Creative Commons / Flickr / symphoney
Creative Commons / Flickr / symphoney
Updated: Thursday, 15 Sep 2011, 10:46 AM EDT
Published : Thursday, 04 Mar 2010, 4:26 PM EST
BOSTON - House Speaker Robert DeLeo reignited the debate over expanded gambling in Massachusetts on Thursday, proposing to build two casinos and add slot machines at the state's four race tracks to generate badly needed revenue and create jobs for blue-collar workers.
Gov. Deval Patrick immediately challenged the slots element, saying, "The concern is this: that we'll get the slots and we won't get the casinos - and we need the jobs. The jobs come with the casinos."
Asked if slots were a dealbreaker, the governor added: "As it stands now, yes."
In a speech to the Greater Boston Chamber of Commerce, DeLeo said expanded gambling would complement recent tax investments in expanding the life sciences and clean energy sectors.
While those have boosted white-collar employment, he said, blue-collar workers in the construction and service industries continue to suffer.
DeLeo said he will file a bill later this month.
Patrick later told reporters he is concerned about a bait-and-switch: the state approves the immediate installation of slot machines, but gambling entities later back off building promised casinos. He also said he was concerned - as DeLeo said he was - about adding so many slots it makes it unprofitable for gaming entities to invest in casinos.
The speaker aimed to soften expected opposition, saying the bill will propose using a portion of anticipated licensing fees to support existing manufacturers and lure new ones to Massachusetts. He said a fund would assist them with capital improvements, though he did not give specifics.
In addition, DeLeo acknowledged concerns about the social costs - in terms of increased crime, divorce and alcohol and gambling abuse - that may come from expanded gambling.
"There is no doubt there is a social cost to gaming. But, too often we forget, there is also a social cost to joblessness. We need to get people working. We will devote a portion of any gaming revenue to addiction-treatment programs," he said.
Massachusetts already allows gambling through its lottery games and live racing.

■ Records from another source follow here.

Definition super_anti_involution (f : term -> term) :=
  linear_map f
  /\ (forall x b, par x b -> par (f x) b)
  /\ (forall x, oeq (f (f x)) x)
  /\ (forall x y b c, par x b -> par y c ->
        oeq (f (Tmul x y)) (Tscale (sgn (b && c)) (Tmul (f y) (f x)))).

End OSym.

From HB Require Import structures.
From mathcomp Require Import all_boot all_order all_algebra.
From mathcomp Require Import boolp zify.
Set Implicit Arguments. Unset Strict Implicit. Unset Printing Implicit Defensive.
Import GRing.Theory.
Local Open Scope ring_scope.

(* The identity for e_r is immediate from the actions of gamma and * on e_r.
   For h_r, apply gamma and * to the relations
   sum_s (-1)^s e_s h_(r-s) = delta_(r,0).  Writing a_s = (-1)^(s + C(s,2)) e_s,
   gamma shows that r |-> gamma(h_r) is a right inverse of a for convolution,
   while *, reversing products up to the sign (-1)^(st) of two odd factors and
   using C(s+t,2) = C(s,2) + C(t,2) + st, shows that r |-> (-1)^C(r,2) h_r^* is
   a left inverse; hence the two coincide.  For the commutation,
   * o gamma o psi and psi o * o gamma are both linear, unital and reverse
   products of homogeneous elements with the Koszul sign, so they agree as soon
   as they agree on the generators, which both send h_r to
   (-1)^(r + C(r,2)) e_r. *)

Section Convolution.
Variable R : pzRingType.
Implicit Types f g h : nat -> R.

But lottery revenues - whose proceeds are a vital source of cash for cities and towns - have fallen amid the recession. The state's two horse racing and two former greyhound tracks, both of which now offer only simulcast racing following a ban on dog racing, also have suffered.

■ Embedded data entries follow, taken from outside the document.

(* Let $k$ be a positive integer and let $G$ be a $2k$-connected $(P_2\cup kP_1)$-free graph. Let $u,v$ be distinct vertices of $G$ and let $P$ be a longest $(u,v)$-path in $G$. Then every component of $G-V(P)$ consists of a single vertex; equivalently, $V(G)\setminus V(P)$ is an independent set.
   Context: All graphs are finite and simple. For a graph $H$, a graph $G$ is $H$-free if $G$ contains no induced subgraph isomorphic to $H$; $P_2\cup kP_1$ is the disjoint union of an edge and $k$ isolated vertices. A $(u,v)$-path is a path with endpoints $u$ and $v$. *)

From mathcomp Require Import all_boot.
Set Implicit Arguments. Unset Strict Implicit. Unset Printing Implicit Defensive.

Definition simple_graph (T : finType) (e : rel T) : Prop :=
  symmetric e /\ irreflexive e.

Definition is_path (T : finType) (e : rel T) (x y : T) (p : seq T) : bool :=
  [&& path e x p, last x p == y & uniq (x :: p)].

Definition path_vertices (T : finType) (x : T) (p : seq T) : {set T} :=
  [set z | z \in x :: p].

Definition longest_path (T : finType) (e : rel T) (x y : T) (p : seq T) : Prop :=
  is_path e x y p /\ forall q : seq T, is_path e x y q -> size q <= size p.

Definition connected_avoiding (T : finType) (e : rel T) (S : {set T}) : Prop :=
  forall x y : T, x \notin S -> y \notin S ->
    exists p : seq T, is_path e x y p && all (fun z => z \notin S) (x :: p).

Definition k_connected (T : finType) (e : rel T) (k : nat) : Prop :=
  k < #|T| /\ forall S : {set T}, #|S| < k -> connected_avoiding e S.

Definition has_induced_P2_kP1 (T : finType) (e : rel T) (k : nat) : Prop :=
  exists (a b : T) (X : {set T}),
    [/\ #|X| = k, a \notin X, b \notin X, a != b & e a b] /\
    (forall x y, x \in X -> y \in X -> ~~ e x y) /\
    (forall x, x \in X -> ~~ e a x && ~~ e b x).

Definition P2_kP1_free (T : finType) (e : rel T) (k : nat) : Prop :=
  ~ has_induced_P2_kP1 e k.

(* Suppose xy is an edge of G - V(P), let C be the component of G - V(P)
   containing it and A the set of vertices of P with a neighbour in C.  As P is
   longest, no two vertices of A are consecutive on P, and the successors on P of
   two vertices of A are nonadjacent (otherwise P could be rerouted through C and
   the edge between the successors).  Hence some vertex of P lies outside A, so A
   separates it from C and 2k-connectivity gives |A| >= 2k.  The successors of
   the vertices of A other than v are then at least 2k - 1 >= k pairwise
   nonadjacent vertices with no neighbour in C, and with the edge xy they induce
   P_2 + kP_1. *)

From mathcomp Require Import all_boot zify.

Set Implicit Arguments.
Unset Strict Implicit.
Unset Printing Implicit Defensive.

Lemma exists_subset_card (T : finType) (A : {set T}) (n : nat) :
  n <= #|A| -> exists2 B : {set T}, B \subset A & #|B| = n.
Proof.
elim: n => [|n IHn] leA; first by exists set0; rewrite ?sub0set ?cards0.
have [B BA cardB] := IHn (ltnW leA).
have : 0 < #|A :\: B| by rewrite cardsD (setIidPr BA) cardB subn_gt0.
rewrite card_gt0 => /set0Pn [a]; rewrite inE => /andP [aB aA].
by exists (a |: B); rewrite ?subUset ?sub1set ?aA ?BA // cardsU1 aB cardB.
Qed.

Lemma next_uniq_cat (T : eqType) (s1 s2 : seq T) (z w : T) :
  uniq (s1 ++ z :: w :: s2) -> next (s1 ++ z :: w :: s2) z = w.
Proof.
rewrite next_nth mem_cat mem_head orbT.
case: s1 => [|a s1] /=; first by rewrite eqxx.
rewrite mem_cat !inE !negb_or => /andP [/and3P [_ az _]].
rewrite cat_uniq => /and3P [_ /hasPn zs1 _].
have {}zs1 : z \notin s1 by apply: zs1; rewrite mem_head.
rewrite (negbTE az) index_cat (negbTE zs1) /= eqxx addn0.
by rewrite nth_cat ltnNge leqnSn subSnn.
Qed.

Lemma split_next (T : eqType) (x0 z : T) (s : seq T) :
  uniq s -> z \in s -> z != last x0 s -> exists s1 s2, s = s1 ++ z :: next s z :: s2.
Proof.
move=> s_uniq zs; case/splitPr: zs s_uniq => s1 [|w s2] s_uniq.
  by rewrite last_cat /= eqxx.
by exists s1, s2; rewrite next_uniq_cat.
Qed.

Lemma split_mem2 (T : eqType) (z1 z2 : T) (s : seq T) :
  z1 \in s -> z2 \in s -> z1 != z2 ->
  exists s1 s2 s3, s = s1 ++ z1 :: s2 ++ z2 :: s3 \/ s = s1 ++ z2 :: s2 ++ z1 :: s3.
Proof.
move=> z1s z2s z12; case/splitPr: z2s z1s => t1 t2.
rewrite mem_cat inE (negbTE z12) /=.
case/orP => /splitPr [r1 r2]; last by exists t1, r1, r2; right.
by exists r1, r2, t2; left; rewrite -catA.
Qed.

Lemma last_path_closed (T : finType) (e : rel T) (C : pred T) (A : {set T}) x r :
  (forall h w, C h -> e h w -> w \notin A -> C w) ->
  C x -> path e x r -> all (fun z => z \notin A) r -> C (last x r).
Proof.
move=> C_closed; elim: r x => [|w r IHr] x //= Cx /andP [xw rP] /andP [wA rA].
exact: IHr (C_closed x w Cx xw wA) rP rA.
Qed.

Lemma longest_path_maximal (T : finType) (e : rel T) (u v : T) (p : seq T) :
  longest_path e u v p -> forall l, sorted e l -> uniq l -> head u l = u ->
  last u l = v -> size l <= size (u :: p).
Proof.
move=> [_ longest] [|a l] //= lP lU au; subst a => lv; rewrite ltnS.
by apply: longest; apply/and3P; split=> //; apply/eqP.
Qed.

Section LongestPath.

Variables (T : finType) (e : rel T).
Hypotheses (e_sym : symmetric e) (e_irr : irreflexive e).
Variables (u v : T) (s : seq T).
Hypotheses (s_sorted : sorted e s) (s_uniq : uniq s).
Hypotheses (s_head : head u s = u) (s_last : last u s = v).
Hypothesis s_longest : forall l, sorted e l -> uniq l -> head u l = u ->
  last u l = v -> size l <= size s.

Lemma no_longer_path (Q l : seq T) :
  perm_eq l (Q ++ s) -> Q != [::] -> uniq Q -> all (fun t => t \notin s) Q ->
  sorted e l -> head u l = u -> last u l = v -> False.
Proof.
move=> lQs Q0 Q_uniq Q_off l_sorted l_head l_last.
have l_uniq : uniq l.
  rewrite (perm_uniq lQs) cat_uniq Q_uniq s_uniq andbT.
  by apply/hasPn => t ts; apply: contraL ts => /(allP Q_off).
have := s_longest l_sorted l_uniq l_head l_last.
by rewrite (perm_size lQs) size_cat -{2}[size s]add0n leq_add2r leqn0 size_eq0 (negbTE Q0).
Qed.

Lemma longest_path_no_detour s1 z w s2 a b q :
  s = s1 ++ z :: w :: s2 -> is_path e a b q -> all (fun t => t \notin s) (a :: q) ->
  e z a -> e b w -> False.
Proof.
move=> s_def /and3P [qP /eqP qb q_uniq] q_off za bw.
apply: (@no_longer_path _ (s1 ++ z :: (a :: q) ++ w :: s2) _ _ q_uniq q_off) => //.
- by rewrite s_def -cat1s catA perm_catCA -catA.
- move: s_sorted; rewrite s_def !sorted_cat_cons => /andP [-> /andP [_ wP]].
  by rewrite /= za cat_path qP qb /= bw.
- by move: s_head; rewrite s_def; case: (s1).
- by rewrite -s_last s_def !last_cat /= last_cat.
Qed.

Lemma longest_path_no_crossed_detour s1 z1 w1 mid z2 w2 s3 a b q :
  s = s1 ++ z1 :: w1 :: mid ++ z2 :: w2 :: s3 -> is_path e a b q ->
  all (fun t => t \notin s) (a :: q) -> e z1 a -> e b z2 -> ~~ e w1 w2.
Proof.
move=> s_def /and3P [qP /eqP qb q_uniq] q_off z1a bz2; apply/negP => w12.
(* Go z1 a..b z2, back along mid to w1, across the edge w1w2, and on to v. *)
pose l := s1 ++ z1 :: (a :: q) ++ z2 :: rev (w1 :: mid) ++ w2 :: s3.
apply: (@no_longer_path _ l _ _ q_uniq q_off).
- rewrite /l s_def -cat1s catA perm_catCA -catA perm_cat2l perm_cat2l /= perm_cons.
  rewrite -cat1s catA -[w1 :: mid ++ _]/((w1 :: mid) ++ [:: z2] ++ _) catA.
  by rewrite perm_cat2r perm_catC perm_cat2r perm_rev.
- by [].
- move: s_sorted; rewrite /l s_def !sorted_cat_cons /= cat_path.
  move=> /andP [-> /and3P [_ midP /andP [mid_z2 /andP [_ w2P]]]].
  have revP : path e z2 (rev (w1 :: mid)).
    have := rev_path e w1 (rcons mid z2).
    rewrite last_rcons belast_rcons => ->.
    by rewrite (@eq_path _ _ e) ?rcons_path ?midP // => ? ?; rewrite e_sym.
  by rewrite /= z1a cat_path qP qb /= bz2 cat_path revP rev_cons last_rcons /= w12.
- by move: s_head; rewrite /l s_def; case: (s1).
- by rewrite -s_last /l s_def !last_cat /= !last_cat /= last_cat.
Qed.

Variable x : T.
Hypothesis x_off : x \notin s.

Definition avoid_rel := [rel a b | [&& e a b, a \notin s & b \notin s]].

Local Notation in_component := (connect avoid_rel x).

Lemma avoid_rel_sym : symmetric avoid_rel.
Proof. by move=> a b /=; rewrite e_sym [(a \notin s) && _]andbC. Qed.

Lemma avoid_path_off a q : path avoid_rel a q -> all (fun t => t \notin s) q.
Proof. by elim: q a => //= b q IHq a /andP [/and3P [_ _ ->] /IHq]. Qed.

Lemma component_off_path h : in_component h -> h \notin s.
Proof.
move=> /connectP [q /avoid_path_off + ->].
by case/lastP: q => [|q t]; rewrite ?last_rcons ?all_rcons //= => /andP [].
Qed.

Lemma component_detour h1 h2 : in_component h1 -> in_component h2 ->
  exists q, is_path e h1 h2 q && all (fun t => t \notin s) (h1 :: q).
Proof.
move=> h1C h2C.
have : connect avoid_rel h1 h2.
  by apply: connect_trans h2C; rewrite (sym_connect_sym avoid_rel_sym).
case/connectP => q qP ->; have [q' q'P q'_uniq _] := shortenP qP.
exists q'; rewrite /is_path eqxx q'_uniq /= component_off_path ?(avoid_path_off q'P) //.
by rewrite (sub_path _ q'P) // => ? ? /andP [].
Qed.

Definition attachment z := (z \in s) && [exists h, in_component h && e h z].

Lemma attachment_detour z1 z2 : attachment z1 -> attachment z2 ->
  exists a b q, [/\ is_path e a b q, all (fun t => t \notin s) (a :: q), e z1 a & e b z2].
Proof.
move=> /andP [_ /existsP [a /andP [aC az1]]] /andP [_ /existsP [b /andP [bC bz2]]].
have [q /andP [qP q_off]] := component_detour aC bC.
by exists a, b, q; rewrite e_sym.
Qed.

Lemma attachments_not_consecutive s1 z w s2 :
  s = s1 ++ z :: w :: s2 -> attachment z -> ~~ attachment w.
Proof.
move=> s_def zA; apply/negP => wA.
have [a [b [q [qP q_off za bw]]]] := attachment_detour zA wA.
exact: longest_path_no_detour s_def qP q_off za bw.
Qed.

Lemma attachments_not_crossed s1 z1 w1 mid z2 w2 s3 :
  s = s1 ++ z1 :: w1 :: mid ++ z2 :: w2 :: s3 ->
  attachment z1 -> attachment z2 -> ~~ e w1 w2.
Proof.
move=> s_def z1A z2A.
have [a [b [q [qP q_off z1a bz2]]]] := attachment_detour z1A z2A.
exact: longest_path_no_crossed_detour s_def qP q_off z1a bz2.
Qed.

Lemma attachment_next z : attachment z -> z != v -> ~~ attachment (next s z).
Proof.
move=> zA zv; have zs : z \in s by case/andP: zA.
have zv' : z != last u s by rewrite s_last.
have [s1 [s2 s_def]] := split_next s_uniq zs zv'.
exact: attachments_not_consecutive s_def zA.
Qed.

Lemma next_attachments_nonadj z1 z2 :
  attachment z1 -> attachment z2 -> z1 != v -> z2 != v -> z1 != z2 ->
  ~~ e (next s z1) (next s z2).
Proof.
wlog [s1 [s2 [s3 s_def]]] : z1 z2 / exists s1 s2 s3, s = s1 ++ z1 :: s2 ++ z2 :: s3.
  move=> W z1A z2A z1v z2v z12.
  have [z1s z2s] : z1 \in s /\ z2 \in s by case/andP: z1A; case/andP: z2A.
  have [s1 [s2 [s3 [s_def|s_def]]]] := split_mem2 z1s z2s z12.
    by apply: W => //; exists s1, s2, s3.
  rewrite e_sym; apply: (W z2 z1) => //; last by rewrite eq_sym.
  by exists s1, s2, s3.
move=> z1A z2A _ z2v _.
case: s2 s_def => [|w1 mid] s_def.
  by have := attachments_not_consecutive s_def z1A; rewrite z2A.
case: s3 s_def => [|w2 s3] s_def.
  by move: z2v; rewrite -s_last s_def last_cat /= last_cat /= eqxx.
have -> : next s z1 = w1 by rewrite s_def next_uniq_cat // -s_def.
have -> : next s z2 = w2.
  by rewrite s_def -cat_cons catA next_uniq_cat // -catA -s_def.
exact: attachments_not_crossed s_def z1A z2A.
Qed.

Lemma not_attachment_nonadj h t : t \in s -> ~~ attachment t -> in_component h -> ~~ e h t.
Proof.
move=> ts tA hC; apply: contra tA => ht.
by rewrite /attachment ts; apply/existsP; exists h; rewrite hC.
Qed.

Lemma attachments_card n : 1 < size s ->
  (forall S : {set T}, #|S| < n -> connected_avoiding e S) ->
  n <= #|[set z | attachment z]|.
Proof.
set A := [set z | attachment z] => s_size conn.
rewrite leqNgt; apply/negP => /conn avoidA.
have [w ws wA] : exists2 w, w \in s & w \notin A.
  case s_def: s s_size => [|a [|b r]] // _.
  case: (boolP (attachment a)) => aA; last by exists a; rewrite ?mem_head ?inE.
  exists b; first by rewrite !inE eqxx orbT.
  by rewrite inE (@attachments_not_consecutive [::] a b r).
have xA : x \notin A by rewrite inE /attachment (negbTE x_off).
have [r /andP [/and3P [rP /eqP rw _] /andP [_ r_off]]] := avoidA x w xA wA.
have A_closed h t : in_component h -> e h t -> t \notin A -> in_component t.
  move=> hC ht tA; have ts : t \notin s.
    apply: contra tA => ts.
    by rewrite inE /attachment ts; apply/existsP; exists h; rewrite hC ht.
  by apply: (connect_trans hC); apply: connect1; rewrite /= ht ts (component_off_path hC).
have := last_path_closed A_closed (connect0 _ x) rP r_off.
by rewrite rw => /component_off_path; rewrite ws.
Qed.

Lemma attachments_induce_P2_kP1 k y : y \notin s -> e x y ->
  k <= #|[set z | attachment z] :\ v| -> has_induced_P2_kP1 e k.
Proof.
set A' := _ :\ v => y_off xy.
rewrite -(card_imset A' (can_inj (prev_next s_uniq))).
move=> /exists_subset_card [X XA' X_card].
have X_next a : a \in X -> exists z, [/\ attachment z, z != v & a = next s z].
  by case/(subsetP XA')/imsetP => z; rewrite !inE => /andP [zv zA] ->; exists z.
have X_on_s a : a \in X -> a \in s.
  by case/X_next => z [/andP [zs _] _ ->]; rewrite mem_next.
exists x, y, X; split; [split | split] => //.
- by apply: contra x_off; apply: X_on_s.
- by apply: contra y_off; apply: X_on_s.
- by apply: contraTneq xy => ->; rewrite e_irr.
- move=> a b /X_next [z1 [z1A z1v ->]] /X_next [z2 [z2A z2v ->]].
  have [-> | z12] := eqVneq z1 z2; first by rewrite e_irr.
  exact: next_attachments_nonadj.
- move=> a aX; have [z [zA zv a_def]] := X_next a aX.
  have aA : ~~ attachment a by rewrite a_def attachment_next.
  rewrite !not_attachment_nonadj ?X_on_s ?connect0 //.
  by apply: connect1; rewrite /= xy x_off y_off.
Qed.

End LongestPath.

Theorem mainTheorem4 (T : finType) (e : rel T) (k : nat) :
  simple_graph e -> 0 < k -> k_connected e (2 * k) -> P2_kP1_free e k ->
  forall (u v : T) (p : seq T), u != v -> longest_path e u v p ->
  forall x y : T, x \notin path_vertices u p -> y \notin path_vertices u p ->
    ~~ e x y.
Proof.
move=> [e_sym e_irr] k_gt0 [_ conn] free u v p uv p_longest x y.
rewrite /path_vertices !inE => x_off y_off; apply/negP => xy; apply: free.
have [/and3P [p_path /eqP p_last s_uniq] _] := p_longest.
have s_sorted : sorted e (u :: p) := p_path.
have s_last : last u (u :: p) = v := p_last.
have s_size : 1 < size (u :: p).
  by case: (p) p_last => //= uv_eq; rewrite uv_eq eqxx in uv.
have s_longest := longest_path_maximal p_longest.
have := attachments_card e_sym s_sorted s_uniq (erefl u) s_last s_longest x_off
  s_size conn.
rewrite (cardsD1 v) => A_card.
apply: (attachments_induce_P2_kP1 e_sym e_irr s_sorted s_uniq (erefl u) s_last
  s_longest x_off y_off xy).
by have := leq_b1 (v \in [set z | attachment e (u :: p) x z]); lia.
Qed.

In 2007, Patrick proposed building up to three resort-style casinos across the state to create jobs, add tax revenue and capture some of the money Massachusetts gamblers were spending at slot parlors and casinos in neighboring Rhode Island and Connecticut. Then-House Speaker Salvatore DiMasi opposed the plan, and it failed in the House by a vote of 106-48 in March 2008.

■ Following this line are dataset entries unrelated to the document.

(* Assume $\alpha\neq1$ and $\mu\neq0$. Take $c_k=1$ and $t_k=k$ for all $k\ge0$, and choose the constants $a_k$ recursively by $a_k=\exp(\mu_k)$ for $k\ge1$, where $\mu_k$ is the location parameter of $\log Z_k$ (which depends only on $a_1,\dots,a_{k-1}$). Then for every $k\ge1$, $Z_k\le Y_k$ almost surely and $\log Z_k\sim\mathcal S(\alpha,\beta,\sigma_k,\mu_k)$ with $$\mu_k=\mu+\log\frac{e^{\mu k}-1}{e^{\mu}-1},\qquad \sigma_k^\alpha=\sigma^\alpha\left(1+\sum_{j=1}^{k-1}\left(1-\frac{e^{\mu j}-1}{e^{\mu k}-1}\right)^\alpha\right).$$
   Context: Stable laws: for $\alpha^*\in(0,2]$, $\beta^*\in[-1,1]$, $\sigma^*>0$, $\mu^*\in\mathbb R$, write $Z\sim\mathcal S(\alpha^*,\beta^*,\sigma^*,\mu^* )$ if the real random variable $Z$ has characteristic function $\mathbb E e^{i\theta Z}=\exp\{i\theta\mu^*-|\sigma^*\theta|^{\alpha^*}(1-i\beta^*\operatorname{sgn}(\theta)\tan\frac{\pi\alpha^*}{2})\}$ when $\alpha^*\neq1$, and $\mathbb E e^{i\theta Z}=\exp\{i\theta\mu^*-|\sigma^*\theta|(1+i\beta^*\frac{2}{\pi}\operatorname{sgn}(\theta)\log|\theta|)\}$ when $\alpha^*=1$. Wealth process: on a probability space $(\Omega,\mathcal F,\mathbb P)$, $X:[0,\infty)\times\Omega\to(0,\infty)$ is a process such that $\log X$ is a Lévy process (càdlàg paths, independent increments) with, for all $0\le s<t$, $\log\frac{X(t)}{X(s)}\sim\mathcal S(\alpha,\beta,\sigma(t-s)^{1/\alpha},\mu(t-s))$, where $\alpha\in(0,2]$, $\beta\in[-1,1]$, $\sigma>0$, $\mu\in\mathbb R$ are fixed. Regular investing: given times $0=t_0<t_1<\cdots$ and amounts $c_k>0$ invested at $t_k$, set $X_k=X(t_k)/X(t_{k-1})$ for $k\ge1$, and define the terminal wealth recursively by $Y_1=c_0X_1$, $Y_k=X_k(Y_{k-1}+c_{k-1})$ for $k\ge2$. Lower bound process: given constants $a_{k}>0$ ($k\ge1$), set $b_{k}=\frac{a_{k}}{a_{k}+c_{k}}$, $Z_1=Y_1$, and $Z_k=X_k(a_{k-1}+c_{k-1})\left(\frac{Z_{k-1}}{a_{k-1}}\right)^{b_{k-1}}$ for $k\ge2$. *)

From HB Require Import structures.
From mathcomp Require Import all_boot all_order all_algebra.
From mathcomp Require Import all_classical all_reals all_analysis.
Set Implicit Arguments. Unset Strict Implicit. Unset Printing Implicit Defensive.
Import Order.TTheory GRing.Theory Num.Theory.
Import numFieldNormedType.Exports.
Local Open Scope classical_set_scope.
Local Open Scope ring_scope.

DiMasi resigned last year amid an ethics probe, and DeLeo has signaled his support for revisiting the issue.
The issue is personal to DeLeo, though. There are two in the Winthop Democrat's district: Suffolk Downs in Boston, which continues to offer live horse racing, and Wonderland in Revere, which offers only simulcast races after a dog-racing ban forced it to stop live greyhound races as of Jan. 1.
He told the chamber that putting a limited number of slots at venues that already have wagering will provide "a more immediate form of revenue."
And he said building two casinos - not as many as three as proposed by Patrick - would avoid diluting their impact and "dooming them from the start." He later told reporters he would not play a role in their siting, even though Suffolk Downs is in his district and Boston Mayor Thomas M. Menino favors a license for it.
While DeLeo pledged to file the bill this month, the immediate affect of any legislation is in doubt. The state would have to establish and staff a new gambling commission, and overhaul its criminal and financial-reporting statutes, before additional gambling sites are created.
The current Massachusetts fiscal year ends June 30, and the next begins July 1. Administration and legislative financial experts have been wary of factoring any gambling revenues into their budget proposals before the end of the next fiscal year on June 30, 2011.